I would say that you are moving the goalposts. I’m not sure why we should only discuss what you now claim to be a nub, when I am proposing that we discuss what you claimed to be the crux:
No, I don’t, as I’m not claiming that my lab work is relevant to your lab work.
I’m claiming that it is extremely relevant to your big question quoted above, "Take one specific protein interaction: How much substitution can it tolerate and remain functional?”
As you wrote, it’s the crux of the issue.
I don’t think you have understood Axe’s paper.That’s the most charitable I can be: you either don’t understand or are mischaracterizing. Your last sentence makes it clear. Axe estimates the prevalence of sequences that adopt a specific functional fold; he doesn’t expect every protein to be a beta lactamase. You must know that.
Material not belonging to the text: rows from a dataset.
(* Let $A$ be a category with a variance $(E,M)$ and let $C$ be a category. For every functor $F\colon A\rightarrow C$ of variance $(E,M)$, the restriction $F|_E$ is a covariant functor $E\rightarrow C$, the restriction $F|_M$ is a contravariant functor $M\rightarrow C$, and $(F|_E,F|_M)$ is a compatible pair. Moreover, the assignment $F\mapsto (F|_E,F|_M)$ is a bijection from the functors $A\rightarrow C$ of variance $(E,M)$ onto the compatible pairs $(G\colon E\rightarrow C,\ H\colon M\rightarrow C)$.
   Context: A strict factorization system on a category $A$ is a pair $(E,M)$ of subcategories of $A$, both containing all objects of $A$, such that every morphism $f$ of $A$ factors uniquely as $f=me$ with $e$ in $E$ and $m$ in $M$. A variance on $A$ is a pair $(E,M)$ such that both $(E,M)$ and $(M,E)$ are strict factorization systems. For $f\colon x\rightarrow y$ in $A$ write $f=f^m f^e$ with $f^e\colon x\rightarrow f_t$ in $E$, $f^m\colon f_t\rightarrow y$ in $M$, and $f=f_e f_m$ with $f_m\colon x\rightarrow f_s$ in $M$, $f_e\colon f_s\rightarrow y$ in $E$. (For $f$ in $E$: $f_s=x$, $f_t=y$; for $f$ in $M$: $f_s=y$, $f_t=x$.) A functor $F\colon A\rightarrow C$ of variance $(E,M)$ consists of a function $F$ on objects and a function $F$ on morphisms such that: $F$ sends identities to identities; for every morphism $f$ of $A$, $F(f)$ is a morphism $F(f_s)\rightarrow F(f_t)$; and for all composable morphisms $x\xrightarrow{f}y\xrightarrow{g}z$ of $A$, $$F(gf)=F((g^ef^m)^e)\,F(f)\,F((g_mf_e)_m)\quad\text{and}\quad F(gf)=F((g^ef^m)^m)\,F(g)\,F((g_mf_e)_e).$$ A compatible pair consists of a covariant functor $G\colon E\rightarrow C$ and a contravariant functor $H\colon M\rightarrow C$ which agree on objects and satisfy $G(f^e)H(f_m)=H(f^m)G(f_e)$ for every morphism $f$ of $A$. *)

(* Categories are presented in single-sorted form:
   a type of objects, a type of morphisms with domain/codomain maps,
   identities and a (total) composition operator whose laws are only
   required on composable pairs. *)
From Stdlib Require Import ClassicalEpsilon.

Record Cat := {
  Ob : Type;
  Mor : Type;
  dom : Mor -> Ob;
  cod : Mor -> Ob;
  idm : Ob -> Mor;
  comp : Mor -> Mor -> Mor;               (* comp g f = g o f *)
  dom_idm : forall x, dom (idm x) = x;
  cod_idm : forall x, cod (idm x) = x;
  dom_comp : forall f g, cod f = dom g -> dom (comp g f) = dom f;
  cod_comp : forall f g, cod f = dom g -> cod (comp g f) = cod g;
  comp_idl : forall f, comp (idm (cod f)) f = f;
  comp_idr : forall f, comp f (idm (dom f)) = f;
  comp_assoc : forall f g h, cod f = dom g -> cod g = dom h ->
    comp h (comp g f) = comp (comp h g) f
}.

Arguments dom {c} _.
Arguments cod {c} _.
Arguments idm {c} _.
Arguments comp {c} _ _.

(* A subcategory containing all objects: a class of morphisms containing
   all identities and closed under composition. *)
Definition Subcat (A : Cat) (P : Mor A -> Prop) : Prop :=
  (forall x : Ob A, P (idm x)) /\
  (forall f g : Mor A, cod f = dom g -> P f -> P g -> P (comp g f)).

Definition SFS (A : Cat) (X Y : Mor A -> Prop) : Prop :=
  Subcat A X /\ Subcat A Y /\
  forall f : Mor A, exists! p : Mor A * Mor A,
    X (fst p) /\ Y (snd p) /\ cod (fst p) = dom (snd p) /\ comp (snd p) (fst p) = f.

Definition Variance (A : Cat) (E M : Mor A -> Prop) : Prop :=
  SFS A E M /\ SFS A M E.

Definition fac {A : Cat} {X Y : Mor A -> Prop} (h : SFS A X Y) (f : Mor A)
  : Mor A * Mor A :=
  proj1_sig (constructive_indefinite_description _ (proj2 (proj2 h) f)).

Lemma fac_spec {A : Cat} {X Y : Mor A -> Prop} (h : SFS A X Y) (f : Mor A) :
  X (fst (fac h f)) /\ Y (snd (fac h f)) /\
  cod (fst (fac h f)) = dom (snd (fac h f)) /\
  comp (snd (fac h f)) (fst (fac h f)) = f.
Proof.
  unfold fac. exact (proj1 (proj2_sig (constructive_indefinite_description _ (proj2 (proj2 h) f)))).
Qed.

Section VarianceOps.
Context {A : Cat} {E M : Mor A -> Prop} (hV : Variance A E M).

(* f = f^m o f^e  with f^e in E, f^m in M *)
Definition up_e (f : Mor A) : Mor A := fst (fac (proj1 hV) f).
Definition up_m (f : Mor A) : Mor A := snd (fac (proj1 hV) f).
(* f = f_e o f_m  with f_m in M, f_e in E *)
Definition lo_m (f : Mor A) : Mor A := fst (fac (proj2 hV) f).
Definition lo_e (f : Mor A) : Mor A := snd (fac (proj2 hV) f).
(* f_t = target of f^e, f_s = target of f_m *)
Definition obj_t (f : Mor A) : Ob A := cod (up_e f).
Definition obj_s (f : Mor A) : Ob A := cod (lo_m f).

Lemma up_e_E f : E (up_e f). Proof. exact (proj1 (fac_spec (proj1 hV) f)). Qed.
Lemma up_m_M f : M (up_m f). Proof. exact (proj1 (proj2 (fac_spec (proj1 hV) f))). Qed.
Lemma lo_m_M f : M (lo_m f). Proof. exact (proj1 (fac_spec (proj2 hV) f)). Qed.
Lemma lo_e_E f : E (lo_e f). Proof. exact (proj1 (proj2 (fac_spec (proj2 hV) f))). Qed.

End VarianceOps.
In his experimental case he used a particular beta lactamase and calculated the proportion of possible sequences with that fold that could carry out that function. He then went on to generalize, making use of 2 studies with similar approaches, namely the use of mutagenesis to determine what proportion of sequences can carry out that fold’s function after mutagenesis. His paper was an estimate–it says so in the title. The methodology of the paper and its results were deemed worthy to be published in MBE.
Were there other studies using similar approaches back in 2004? I don’t know. Do you? And it wasn’t my paper.
I’m quoting a question you wrote in 2015:
We published our series of papers from 1999 through 2008, so it is unclear what point you’re trying to make about 2004 here.
Let’s discuss the relevance of our papers to your question from 2015 quoted above.
Ah. Now I see. You want to discuss a post written on ENV. Is this the one? “Test of Functional Sequence Space Shows Less Tolerance for Mutations than Expected.” I didn’t write that.
I though we were discussing your work in the context of my 2011 paper. This has not been my question: **Take one specific protein interaction: How much substitution can it tolerate and remain functional?" I didn’t write it.
From what I have read, proteins can tolerate about 10% of their sequence being changed before complete catastrophic collapse.
My question has been how many mutations does it take to shift function?
Which is not very relevant to the question posed in 2015, particularly since function was not measured.
Let’s discuss the relevance of our papers to the question from 2015 quoted above.
Sorry, my mistake. You did, however, write this:
“So unless functional sequences are easy to find (very common), and/or are clustered together (easily reachable from one functional island to another), explaining current protein diversity without design is impossible.”
It’s pretty much the same thing. So let’s discuss how our results from 1999-2008 relate to your claim made in 2013.
What’s it to be. Choose one question and one paper that’s relevant to yours. It’s not professional, as you say, to play games like changing topics every other post. I am playing whack a mole, not having a legitimate discussion. As I said before, 2004, 2011, 2015?
So how does Axe determine if a fold is functional?